--- Available records Enclosed Below ---

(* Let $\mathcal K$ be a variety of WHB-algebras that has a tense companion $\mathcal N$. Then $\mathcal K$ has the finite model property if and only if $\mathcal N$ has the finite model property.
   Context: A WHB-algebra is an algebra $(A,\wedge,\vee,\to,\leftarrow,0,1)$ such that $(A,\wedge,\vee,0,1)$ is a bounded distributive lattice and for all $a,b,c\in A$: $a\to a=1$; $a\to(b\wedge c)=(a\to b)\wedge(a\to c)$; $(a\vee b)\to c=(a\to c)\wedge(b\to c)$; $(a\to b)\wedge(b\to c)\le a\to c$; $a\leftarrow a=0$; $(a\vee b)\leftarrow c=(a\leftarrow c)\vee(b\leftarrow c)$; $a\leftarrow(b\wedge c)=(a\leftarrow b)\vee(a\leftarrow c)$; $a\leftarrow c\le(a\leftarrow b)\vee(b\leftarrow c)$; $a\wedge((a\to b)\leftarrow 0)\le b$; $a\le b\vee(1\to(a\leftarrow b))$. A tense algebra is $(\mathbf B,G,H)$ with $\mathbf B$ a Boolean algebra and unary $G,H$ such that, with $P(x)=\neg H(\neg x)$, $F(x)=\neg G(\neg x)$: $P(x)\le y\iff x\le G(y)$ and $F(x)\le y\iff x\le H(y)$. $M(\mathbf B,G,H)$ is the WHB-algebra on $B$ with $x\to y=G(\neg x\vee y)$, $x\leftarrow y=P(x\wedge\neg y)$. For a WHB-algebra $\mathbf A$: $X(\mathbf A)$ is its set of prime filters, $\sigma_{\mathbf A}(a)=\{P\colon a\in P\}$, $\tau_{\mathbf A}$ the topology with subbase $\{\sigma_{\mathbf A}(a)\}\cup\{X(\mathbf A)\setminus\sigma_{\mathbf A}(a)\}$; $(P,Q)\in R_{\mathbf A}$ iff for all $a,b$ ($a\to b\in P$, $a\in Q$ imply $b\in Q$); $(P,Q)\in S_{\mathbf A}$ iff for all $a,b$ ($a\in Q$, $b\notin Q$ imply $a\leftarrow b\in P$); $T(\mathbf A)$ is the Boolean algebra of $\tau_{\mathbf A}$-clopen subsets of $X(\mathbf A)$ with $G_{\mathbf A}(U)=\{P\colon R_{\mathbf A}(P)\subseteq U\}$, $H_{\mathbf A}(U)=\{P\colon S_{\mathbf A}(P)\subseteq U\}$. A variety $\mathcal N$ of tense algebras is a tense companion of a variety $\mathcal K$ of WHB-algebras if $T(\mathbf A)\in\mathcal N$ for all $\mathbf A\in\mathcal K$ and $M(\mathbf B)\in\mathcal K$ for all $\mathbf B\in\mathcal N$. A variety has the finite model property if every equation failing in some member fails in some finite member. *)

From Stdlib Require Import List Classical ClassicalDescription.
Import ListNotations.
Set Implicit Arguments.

--- End of Enclosed Available records ---

(Work to complete):
Go through the entries above and copy out every line that includes the word "Import".

(Result of this exercise):
From Stdlib Require Import List Classical ClassicalDescription.
Import ListNotations.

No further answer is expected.